(* Let $(K,\mathrm{val})$ be a $2$-henselian valued field whose residue class field $F$ is a euclidean field, and assume $(K,\mathrm{val})$ admits an angular component map $\mathrm{an}:K^\times\to F^\times$. Then: (1) $K$ is pythagorean, i.e. every sum of squares in $K$ is a square; (2) $\operatorname{PO}_K(1)=K^2$ and $\operatorname{PO}_K(-1)=K$; (3) for every $f\in K\setminus\{0\}$, $\operatorname{PO}_K(f)\in\{K^2,K\}$ if and only if $\mathrm{val}(f)\in G^2$; in particular, there exists $f\in K$ with $\operatorname{PO}_K(f)\ne K^2$ and $\operatorname{PO}_K(f)\ne K$ if and only if $G\ne G^2$; (4) every monogenic quadratic module $\operatorname{PO}_K(f)$ satisfies $K^2\subseteq\operatorname{PO}_K(f)\subseteq K$, and if $f_1,f_2\in K$ are such that $\operatorname{PO}_K(f_i)\notin\{K,K^2\}$ for $i=1,2$ and $\operatorname{PO}_K(f_1)\subseteq\operatorname{PO}_K(f_2)$, then $\operatorname{PO}_K(f_1)=\operatorname{PO}_K(f_2)$.
   Context: Let $(G,\le)$ be a totally ordered abelian group written multiplicatively with identity $e$, and $G^2=\{g^2:g\in G\}$. Let $(K,\mathrm{val})$ be a valued field with surjective valuation $\mathrm{val}:K\to G\cup\{\infty\}$, valuation ring $B=\{x:\mathrm{val}(x)\ge e\}$, residue map $\pi:B\to F$, residue field $F$. A euclidean field is a formally real field $F$ with $F=F^2\cup(-F^2)$ (in particular $\mathrm{char}F=0$); $2$-henselian is then equivalent to every $x\in B^\times$ with $\pi(x)=1$ being a square in $K$. For $g\in G$, $\overline g$ denotes its class in $G/G^2$. An angular component map is a group homomorphism $\mathrm{an}:K^\times\to F^\times$ satisfying: (1) $\mathrm{an}(u)=\pi(u)$ for $u\in B^\times$; (2) $\mathrm{an}(ux)=\pi(u)\mathrm{an}(x)$; (3) for all $g\in G$, $c\in F^\times$ there is $w\in K$ with $\mathrm{val}(w)=g$, $\mathrm{an}(w)=c$; (4) for nonzero $x_1,x_2$ with $x_1+x_2\ne0$: if $\mathrm{val}(x_1)<\mathrm{val}(x_2)$ then $\mathrm{an}(x_1+x_2)=\mathrm{an}(x_1)$; if $\mathrm{val}(x_1)=\mathrm{val}(x_2)$ and $\mathrm{an}(x_1)+\mathrm{an}(x_2)\ne0$ then $\mathrm{val}(x_1+x_2)=\mathrm{val}(x_1)$ and $\mathrm{an}(x_1+x_2)=\mathrm{an}(x_1)+\mathrm{an}(x_2)$; (5) if $\overline{\mathrm{val}(x)}=\overline{\mathrm{val}(y)}$ and $\mathrm{an}(x)=\mathrm{an}(y)$ then $y=u^2x$ for some $u\in K^\times$; (6) for $a,u\in K^\times$, $\mathrm{an}(au^2)=\mathrm{an}(a)k^2$ for some $k\in F^\times$. For $f\in K$, $\operatorname{PO}_K(f)=\{\sigma_0+\sigma_1f:\ \sigma_0,\sigma_1\text{ finite sums of squares in }K\}$ is the monogenic quadratic module generated by $f$; $K^2=\{x^2:x\in K\}$. *)

From mathcomp Require Import all_boot all_order all_algebra.
Set Implicit Arguments. Unset Strict Implicit. Unset Printing Implicit Defensive.
Import Order.TTheory GRing.Theory Num.Theory.
Local Open Scope ring_scope.

(* The value group G is written ADDITIVELY: identity 0, product + ; the
   paper's G^2 = {g^2} becomes {g + g}. *)
Definition ordered_abelian_group (G : zmodType) (le : rel G) : Prop :=
  [/\ (forall a, le a a),
      (forall a b, le a b -> le b a -> a = b),
      (forall a b c, le a b -> le b c -> le a c),
      (forall a b, le a b \/ le b a)
    & (forall a b c, le a b -> le (a + c) (b + c))].

Definition in_G2 (G : zmodType) (g : G) : Prop := exists h : G, g = h + h.

(* G union {oo}, with oo = None *)
Definition ole (G : zmodType) (le : rel G) (a b : option G) : Prop :=
  match a, b with
  | _, None => True
  | None, Some _ => False
  | Some x, Some y => le x y
  end.

Definition oadd (G : zmodType) (a b : option G) : option G :=
  match a, b with
  | Some x, Some y => Some (x + y)
  | _, _ => None
  end.

Definition surj_valuation (K : fieldType) (G : zmodType) (le : rel G)
    (v : K -> option G) : Prop :=
  [/\ (forall x, v x = None <-> x = 0),
      (forall x y, v (x * y) = oadd (v x) (v y)),
      (forall x y, ole le (v x) (v (x + y)) \/ ole le (v y) (v (x + y)))
    & (forall g : G, exists x, v x = Some g)].

Definition in_valring (K : fieldType) (G : zmodType) (le : rel G)
    (v : K -> option G) (x : K) : Prop := ole le (Some 0) (v x).

(* pi : B -> F is the residue map onto the residue field F = B / m:
   a surjective ring homomorphism on B whose kernel is the maximal ideal
   m = {x | val x > e}.  (pi is given as a total function; only its values
   on B matter.) *)
Definition residue_map (K : fieldType) (G : zmodType) (le : rel G)
    (v : K -> option G) (F : fieldType) (pi : K -> F) : Prop :=
  [/\ (forall x y, in_valring le v x -> in_valring le v y ->
         pi (x + y) = pi x + pi y),
      (forall x y, in_valring le v x -> in_valring le v y ->
         pi (x * y) = pi x * pi y),
      pi 1 = 1,
      (forall c : F, exists x, in_valring le v x /\ pi x = c)
    & (forall x, in_valring le v x ->
         (pi x = 0 <-> (ole le (Some 0) (v x) /\ v x <> Some 0)))].

Definition is_square (R : pzRingType) (x : R) : Prop := exists y : R, x = y ^+ 2.

Definition sum_of_squares (R : pzRingType) (x : R) : Prop :=
  exists s : seq R, x = \sum_(a <- s) a ^+ 2.

Definition formally_real (F : fieldType) : Prop := ~ sum_of_squares (-1 : F).

Definition euclidean_field (F : fieldType) : Prop :=
  formally_real F /\ (forall x : F, is_square x \/ is_square (- x)).

Definition pythagorean (K : fieldType) : Prop :=
  forall x : K, sum_of_squares x -> is_square x.

(* 2-henselian, in the form valid when the residue field is euclidean
   (as stated in the paper's context): every 1-unit is a square. *)
Definition two_henselian (K : fieldType) (G : zmodType) (v : K -> option G)
    (F : fieldType) (pi : K -> F) : Prop :=
  forall x : K, v x = Some 0 -> pi x = 1 -> is_square x.

Definition angular_component (K : fieldType) (G : zmodType) (le : rel G)
    (v : K -> option G) (F : fieldType) (pi : K -> F) (an : K -> F) : Prop :=
      (forall x, x != 0 -> an x != 0)
      /\ (forall x y, x != 0 -> y != 0 -> an (x * y) = an x * an y) /\
      (forall u, v u = Some 0 -> an u = pi u) /\
      (forall u x, v u = Some 0 -> x != 0 -> an (u * x) = pi u * an x) /\
      (forall (g : G) (c : F), c != 0 -> exists w, v w = Some g /\ an w = c) /\
      (forall (x1 x2 : K) (g1 g2 : G), x1 != 0 -> x2 != 0 -> x1 + x2 != 0 ->
         v x1 = Some g1 -> v x2 = Some g2 ->
         ((le g1 g2 /\ g1 <> g2) -> an (x1 + x2) = an x1) /\
         (g1 = g2 -> an x1 + an x2 != 0 ->
            v (x1 + x2) = v x1 /\ an (x1 + x2) = an x1 + an x2)) /\
      (forall (x y : K) (gx gy : G), x != 0 -> y != 0 ->
         v x = Some gx -> v y = Some gy -> in_G2 (gx - gy) -> an x = an y ->
         exists u, u != 0 /\ y = u ^+ 2 * x) /\
      (forall a u : K, a != 0 -> u != 0 ->
         exists k : F, k != 0 /\ an (a * u ^+ 2) = an a * k ^+ 2).

Definition PO (K : fieldType) (f : K) : K -> Prop :=
  fun x => exists s0 s1 : K, [/\ sum_of_squares s0, sum_of_squares s1
                               & x = s0 + s1 * f].

Definition same_set (T : Type) (A B : T -> Prop) : Prop := forall x, A x <-> B x.
Definition incl (T : Type) (A B : T -> Prop) : Prop := forall x, A x -> B x.
Definition setT_ (T : Type) : T -> Prop := fun _ => True.
Definition squares (K : fieldType) : K -> Prop := fun x => is_square x.

From mathcomp Require Import all_boot all_order all_algebra ring.
From Stdlib Require Import Classical.
Set Implicit Arguments. Unset Strict Implicit. Unset Printing Implicit Defensive.
Import GRing.Theory.
Local Open Scope ring_scope.

(* Monogenic quadratic modules over a 2-henselian valued field with euclidean
   residue field.

   The proof rests on two facts about units: every 1-unit is a square
   (2-henselianity), and hence, the residue field being euclidean, every unit
   is a square or minus a square.  From these:
   - a^2 + b^2 = a^2 (1 + (b/a)^2) is a square when val a <= val b, because
     1 + (b/a)^2 is a unit with residue 1 + p^2, a nonzero square of F;
     so K is pythagorean and PO(f) = {a^2 + b^2 f}.
   - if val f is a double, f = u w^2 with u a unit, so f = +-c^2 and PO(f) is
     K^2 (f = c^2) or K (f = -c^2, every x being a difference of squares);
   - if val f is not a double, the two summands of a^2 + b^2 f have distinct
     values and the dominant one absorbs the other up to a 1-unit, so every
     element of PO(f) is e^2 or e^2 f.  Hence -1 and f separate PO(f) from K
     and K^2, and PO(f1) <= PO(f2) forces f1 = e^2 f2, i.e. PO(f1) = PO(f2). *)

Lemma sos_sqr (R : pzRingType) (x : R) : sum_of_squares (x ^+ 2).
Proof. by exists [:: x]; rewrite big_seq1. Qed.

::::::::::

*What needs to be done*
Please output exactly the lines between the one holding "v x1 = Some g1 -> v x2 = Some g2 ->" and the one holding "Definition PO (K" in the records above, inclusive, and nothing more.

*Final answer*
         v x1 = Some g1 -> v x2 = Some g2 ->
         ((le g1 g2 /\ g1 <> g2) -> an (x1 + x2) = an x1) /\
         (g1 = g2 -> an x1 + an x2 != 0 ->
            v (x1 + x2) = v x1 /\ an (x1 + x2) = an x1 + an x2)) /\
      (forall (x y : K) (gx gy : G), x != 0 -> y != 0 ->
         v x = Some gx -> v y = Some gy -> in_G2 (gx - gy) -> an x = an y ->
         exists u, u != 0 /\ y = u ^+ 2 * x) /\
      (forall a u : K, a != 0 -> u != 0 ->
         exists k : F, k != 0 /\ an (a * u ^+ 2) = an a * k ^+ 2).

Definition PO (K : fieldType) (f : K) : K -> Prop :=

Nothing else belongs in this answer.